My friend has Herpes, but dont know any LOs with it. All i know is that it is a life long disease that appears between 1-5 times a year for about 2 weeks and is quite painful.

Cuddles to your little girl :hugs: x


----------



## TTC LADY

How did she get it though ?.

It cant be genitals herpes as that's a STD and surely if he thought it was he would have explored more into it and prescribed antivirals or something, not canesten. He just said it looks like herpes. 

I'm going to call him back tomorrow now that I'm a bit more informed about it.


----------



## PeanutBean

Cold sores and genital herpes are both caused by herpes simplex, transmission is not only through sex! It's a hugely common virus. I'm fairly sure there is no antiviral treatment for it.


----------



## lepaskilf

I suffer from coldsores and unfortunately have passed it on to lo, he had his 1st the other day!! Do you suffer from them?...... My lo has also had a rash for a while, you've made me wonder now?! Whatdoes the rash look like? How could he distinguish?


----------



## Lara+sam+bump

I have herpes, but except the 1st flair up its never been active since, and that was about 3 years ago now. OH or LO have never shown any signs of it as if im right it can only be caught if its active. Hope she gets well soon xxx


----------



## booflebump

I dont understand why he has given you canestan if he thinks its herpes since canestan is an antifungal for thrush. I would be taking bubs back in for a second opinion 

ETA - there is no antiviral treatment to cure it, but aciclovir is used to suppress the virus and shorten the duration of an outbreak x


----------



## PeanutBean

I missed that but yes Caneston is for thrush. Are you sure it's not thrush then?


----------



## flower01

There are 2 types of the Herpes simplex, type 1 and 2
Type 1 is coldsores etc and type 2 is usually genital.

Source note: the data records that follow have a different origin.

Unset Implicit Arguments.
Theorem lemma3p3
  (R : realType) (Qp : nat -> fieldType) (absp : forall p : nat, Qp p -> R)
  (HQp : forall p : nat, prime p -> is_Qp p (absp p))
  (a b : rat) (Hdef : a < 0 /\ b < 0)
  (e : 'I_4 -> quat rat) (HO : is_eichler a b e)
  (Hclass1 : forall x : adele R Qp,
     (x.1 <> qzero R /\ (forall p, prime p -> x.2 p <> qzero (Qp p)) /\
      exists N : nat, forall p, prime p -> (N < p)%N ->
        inK a b (Zp_int (absp p)) (fun i => qmap ratr (e i)) (x.2 p)) ->
     exists (g : quat rat) (k : adele R Qp),
       g <> qzero rat /\ k.1 <> qzero R /\
       (forall p, prime p -> inK a b (Zp_int (absp p)) (fun i => qmap ratr (e i)) (k.2 p)) /\
       projeq (qmul a b (qmap ratr g) k.1) x.1 /\
       forall p, prime p -> projeq (qmul a b (qmap ratr g) (k.2 p)) (x.2 p))
  (d : int) (Hd : imag_quad_disc d)
  (iota0 : rat * rat -> quat rat) (Hiota0 : opt_emb a b d isZ e iota0) :
  let Gamma := inK a b isZ e in
  let inT := fun t : quat rat => exists x : rat * rat, x != (0, 0) /\ t = iota0 x in
  let inB := fun g : quat rat =>
    g <> qzero rat /\ opt_emb a b d isZ e (gact a b (qinv a b g) iota0) in
  let inBp := fun (p : nat) (g : quat (Qp p)) =>
    g <> qzero (Qp p) /\
    opt_emb a b d (Zp_int (absp p)) (fun i => qmap ratr (e i))
      (gact a b (qinv a b g) (emb_ext (F:=Qp p) iota0)) in
  let Kp := fun (p : nat) => inK a b (Zp_int (absp p)) (fun i => qmap ratr (e i)) in
  let inBA := fun x : adele R Qp =>
    x.1 <> qzero R /\ (forall p, prime p -> inBp p (x.2 p)) /\
    exists N : nat, forall p, prime p -> (N < p)%N -> Kp p (x.2 p) in
  let inKA := fun k : adele R Qp =>
    k.1 <> qzero R /\ forall p, prime p -> Kp p (k.2 p) in
  (* T \ B / Gamma *)
  let relB := fun g h : quat rat =>
    exists t gam, inT t /\ Gamma gam /\ projeq (qmul a b (qmul a b t g) gam) h in
  (* T \ B_A / K *)
  let relBA := fun x y : adele R Qp =>
    exists t (k : adele R Qp), inT t /\ inKA k /\
      projeq (qmul a b (qmul a b (qmap ratr t) x.1) k.1) y.1 /\
      forall p, prime p -> projeq (qmul a b (qmul a b (qmap ratr t) (x.2 p)) (k.2 p)) (y.2 p) in
  (* iota1 ~ iota2 *)
  let embeq := fun iota1 iota2 : rat * rat -> quat rat =>
    exists gam, Gamma gam /\ forall x, gact a b gam iota1 x = iota2 x in
  let phi := fun g : quat rat => gact a b (qinv a b g) iota0 in
  (* (1) g |-> g^-1 . iota0 induces T\B/Gamma ~= Emb(o_E,O)/~ *)
  ((forall g h, inB g -> inB h -> (relB g h <-> embeq (phi g) (phi h))) /\
   (forall iota, opt_emb a b d isZ e iota -> exists g, inB g /\ embeq (phi g) iota)) /\
  (* (2) the diagonal map B -> B_A induces T\B/Gamma ~= T\B_A/K *)
  ((forall g, inB g -> inBA (diag R Qp g)) /\
   (forall g h, inB g -> inB h -> (relB g h <-> relBA (diag R Qp g) (diag R Qp h))) /\
   (forall x, inBA x -> exists g, inB g /\ relBA (diag R Qp g) x)).
Proof.
cbv zeta; have [a_lt0 b_lt0] := Hdef.
have [[e_basis _] [O_one O_mul]] := (HO, eichler_order_ring HO).
have [N [NM MN]] := qbasis_dual e_basis.
split; [split|split; [|split]].
- move=> g h [g_nz _] [h_nz _].
  split; [exact: (rel_B_emb_equiv a_lt0 b_lt0 Hiota0 g_nz h_nz)
         | exact: (emb_equiv_rel_B a_lt0 b_lt0 Hiota0 g_nz h_nz)].
- exact: (opt_emb_phi a_lt0 b_lt0 O_one Hiota0).
- move=> g g_B; split; first exact: (@qmap_nz R (pchar_num R) g g_B.1).
  split; last exact: (Kp_almost_all HQp a b NM MN g_B.1).
  move=> p p_prime; split; first exact: (qmap_nz (Qp_pchar0 p_prime (HQp p p_prime)) g_B.1).
  exact: (opt_emb_local HQp a_lt0 b_lt0 NM MN Hiota0 g_B).
- move=> g h [g_nz _] [h_nz _]; split; first exact: (rel_B_diag HQp).
  exact: (rel_BA_diag HQp a_lt0 b_lt0 NM MN Hiota0 g_nz h_nz).
- exact: (diag_rel_BA_surj HQp a_lt0 b_lt0 NM MN O_mul Hiota0 Hclass1).
Qed.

most people have some sort of herpes as coldsores are comman.

Even if it type 2 it does not mean she will get it 2-5 times a year as PP has said, it can flair up anytime or it can stay dormant for a long time. Some things my irritate and cause it to flair up.

Doctors usually supply aclovir (sp) anti viral tabs but in a baby it will prob be the cream. As far as im aware canasten is not used to treat either type 1 or 2 but it may be an anti viral which isnt as strong as aclovir and is better for a young baby/child

I however, would get a second opinion. Herpes on the genitals is usually in adults and caught as an STD. I have never heard of a baby/child getting them although that could be because its usually asscoiated as STD and may be something that babys can get too.

xxxxx
xxxxxxxx


----------



## PeanutBean

^ interesting! I don't know much about them not suffering with either but this has piqued my curiosity. Just found this:


> Until recently, genital herpes has mostly been caused by HSV-2, but HSV-1 genital infection is increasing, most likely to due to oral sex. Shedding of genital HSV-1 is less common than with HSV-2, so HSV-1 is less likely to be transmitted, although transmission obviously still occurs, as evidenced by the rising prevalence of genital HSV-1. In fact, a person who carries both HSV-1 and HSV-2 pose a greater risk for sexually transmitting HSV-2 than a person who only carries HSV-2. A person who is infected only with HSV-1 has some protection against being infected by HSV-2.

From https://adam.about.com/reports/000052_2.htm

I found the same info on various websites, including medical ones. I didn't kniw either but it's possible to get herpes simplex in other parts of the body too.


----------



## PeanutBean

Oh and this site: https://www.netdoctor.co.uk/infections/medicines/100000444.html says caneston should not be used for herpes simplex. I would definitely get back in touch with your GP!


----------



## TTC LADY

Thanks ladies. It wasn't her usual doctor but a stand in. He definitely said herpes and gave us some canesten and cammomile bath lotion. 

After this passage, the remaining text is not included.